My voice seemed to beat back upon me, yet I was about to cry out
again, when, mustering all my presence of mind and all my failing
courage, I recognized that I had better employment of my energies,
and began to swim straight ahead, desperately determined to face
all the horrors of this place-to die hard if die I must.

A drop of liquid fire fell through the darkness and hissed into
the water beside me!

I felt that, despite my resolution, I was going mad.

Another fiery drop-and another!

I touched a rotting wooden post and slimy timbers. I had reached
one bound of my watery prison. More fire fell from above, and the
scream of hysteria quivered, unuttered, in my throat.

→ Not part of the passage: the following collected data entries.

Variables (q : Y -> Y -> R) (lam : 'I_m.+1 -> R).

(** F is a fundamental function of type b on A. (If some b_i < 0 there is
    none, so the spans below are {0}, as in the paper.) *)
Definition fundamental (b : type) (A : {set 'I_n}) (F : PF -> R) : Prop :=
  #|A|%:Z = type_size b /\
  exists (ix : 'I_n -> 'I_m.+1) (Fj : 'I_n -> Y -> R),
    [/\ (forall j, j \in A -> inW q (lam (ix j)) (Fj j)),
        (forall i, #|[set j in A | ix j == i]|%:Z = b i)
      & (forall t, F t = if dom t == A then \prod_(j in A) oapp (Fj j) 0 (t j)
                         else 0)].

Definition span_of (S : (PF -> R) -> Prop) (F : PF -> R) : Prop :=
  exists (N : nat) (fs : 'I_N -> PF -> R) (cs : 'I_N -> R),
    (forall i, S (fs i)) /\ forall t, F t = \sum_(i < N) cs i * fs i t.

Definition Pkb (k : nat) (b : type) (F : PF -> R) : Prop :=
  span_of (fun G => exists A : {set 'I_n}, #|A| = k /\ fundamental b A G) F.

(** P_{k+d,b,k}, by recursion on d:
    P_{k,b,k} = ker D_{k,b};  P_{h,b,k} = D^*_{h,b}(P_{h-1,b',k}). *)
Fixpoint Pd (d : nat) (b : type) (k : nat) (F : PF -> R) : Prop :=
  match d with
  | 0 => Pkb k b F /\ (forall p, Dop k F p = 0)
  | d'.+1 => exists G, [/\ Pkb (k + d') (tprime b) G, Pd d' (tprime b) k G
                          & forall t, F t = Dadj (k + d) G t]
  end.

(** P_{h,b,k} (meaningful for k <= h). *)
Definition Phbk (h : nat) (b : type) (k : nat) (F : PF -> R) : Prop :=
  Pd (h - k) b k F.

End Defs.

(* Let S resample one value of a partial function inside its domain:
   (S F)(t) = sum over x in dom t and y in Y of F(t[x := y]). Then
   D_k^* D_k = S + Delta_k on Theta_k and D_{k+1} D_{k+1}^* = Delta_k + |Y|(n - k)
   on Theta_k, while S D_{k+1}^* = D_{k+1}^* (S + |Y|).  A fundamental function
   of type b is an eigenfunction of S for b_0 |Y|: a factor in W_0 is constant
   (irreducibility), a factor in W_i, i > 0, has zero sum (symmetry).  Hence
   Delta = -b_0 |Y| on ker D, and every application of D^* changes the
   eigenvalue of Delta in a computable way: on P_{k+d,b,k} it is
   |Y| (d (n - k) + d - (d + 1) b_0), which is the claim for b = a', d = h - k. *)

From HB Require Import structures.
From mathcomp Require Import all_boot all_order all_algebra.
From mathcomp Require Import reals.
From mathcomp Require Import ring.
Set Implicit Arguments. Unset Strict Implicit. Unset Printing Implicit Defensive.
Import Order.TTheory GRing.Theory Num.Theory.
Local Open Scope ring_scope.

Lemma big_reindex_in (R : Type) (idx : R) (op : Monoid.com_law idx)
    (I J : finType) (P : pred I) (Q : pred J) (g : J -> I) (F : I -> R) :
  {in Q &, injective g} -> (forall j, Q j -> P (g j)) ->
  (forall i, P i -> exists2 j, Q j & g j = i) ->
  \big[op/idx]_(i | P i) F i = \big[op/idx]_(j | Q j) F (g j).
Proof.
move=> g_inj gQP g_onto; rewrite -(big_imset _ g_inj) /=; apply: eq_bigl => i.
by apply/idP/imsetP => [/g_onto[j Qj <-]|[j Qj ->]]; [exists j | apply: gQP].
Qed.

Section PartialFunctions.
Variables (Y : finType) (n : nat).
Local Notation PF := (PF Y n).
Implicit Types (t p : PF) (x z : 'I_n).

Definition pf_rem t x : PF := [ffun i => if i == x then None else t i].
Definition pf_upd t x (v : option Y) : PF := [ffun i => if i == x then v else t i].

Lemma in_dom t x : (x \in dom t) = (t x != None).
Proof. by rewrite inE. Qed.

Lemma notin_dom t x : (x \notin dom t) = (t x == None).
Proof. by rewrite inE negbK. Qed.

Lemma dom_rem t x : dom (pf_rem t x) = dom t :\ x.
Proof. by apply/setP=> i; rewrite !inE ffunE; case: (i =P x). Qed.

Lemma dom_upd t x y : dom (pf_upd t x (Some y)) = x |: dom t.
Proof. by apply/setP=> i; rewrite !inE ffunE; case: (i =P x). Qed.

Lemma dom_upd_in t x y : x \in dom t -> dom (pf_upd t x (Some y)) = dom t.
Proof. by move=> xt; rewrite dom_upd; apply/setUidPr; rewrite sub1set. Qed.

Lemma rem_upd t x v : t x = None -> pf_rem (pf_upd t x v) x = t.
Proof. by move=> tx; apply/ffunP=> i; rewrite !ffunE; case: (i =P x) => // ->. Qed.

Lemma rem_upd_id t x v : pf_rem (pf_upd t x v) x = pf_rem t x.
Proof. by apply/ffunP=> i; rewrite !ffunE; case: (i =P x). Qed.

Lemma rem_updC t x z v : x != z -> pf_rem (pf_upd t z v) x = pf_upd (pf_rem t x) z v.
Proof.
move=> xz; apply/ffunP=> i; rewrite !ffunE.
by case: (eqVneq i x) => [->|]; rewrite ?(negbTE xz).
Qed.

Lemma upd_rem t x v : pf_upd (pf_rem t x) x v = pf_upd t x v.
Proof. by apply/ffunP=> i; rewrite !ffunE; case: (i =P x). Qed.

Lemma card_dom_leq t : (#|dom t| <= n)%N.
Proof. by rewrite -[n in (_ <= n)%N]card_ord max_card. Qed.

Lemma inTheta_rem j t x : inTheta j.+1 t -> x \in dom t -> inTheta j (pf_rem t x).
Proof. by rewrite /inTheta dom_rem (cardsD1 x (dom t)) => + xt; rewrite xt. Qed.

Lemma inTheta_upd j t x y : inTheta j t -> x \notin dom t ->
  inTheta j.+1 (pf_upd t x (Some y)).
Proof. by move=> /eqP tj xt; rewrite /inTheta dom_upd cardsU1 xt tj. Qed.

Keeping myself afloat with increasing difficulty in my heavy
garments, I threw my head back and raised my eyes.

No more drops fell, and no more drops would fall; but it was
merely a question of time for the floor to collapse. For it was
beginning to emit a dull, red glow.

The room above me was in flames!

It was drops of burning oil from the lamp, finding passage
through the cracks in the crazy flooring, which had fallen about
me-for the death trap had reclosed, I suppose, mechanically.

My saturated garments were dragging me down, and now I could
hear the flames hungrily eating into the ancient rottenness
overhead. Shortly that cauldron would be loosed upon my head. The
glow of the flames grew brighter… and showed me the half-rotten
piles upholding the building, showed me the tidal mark upon the
slime-coated walls-showed me that there was no escape!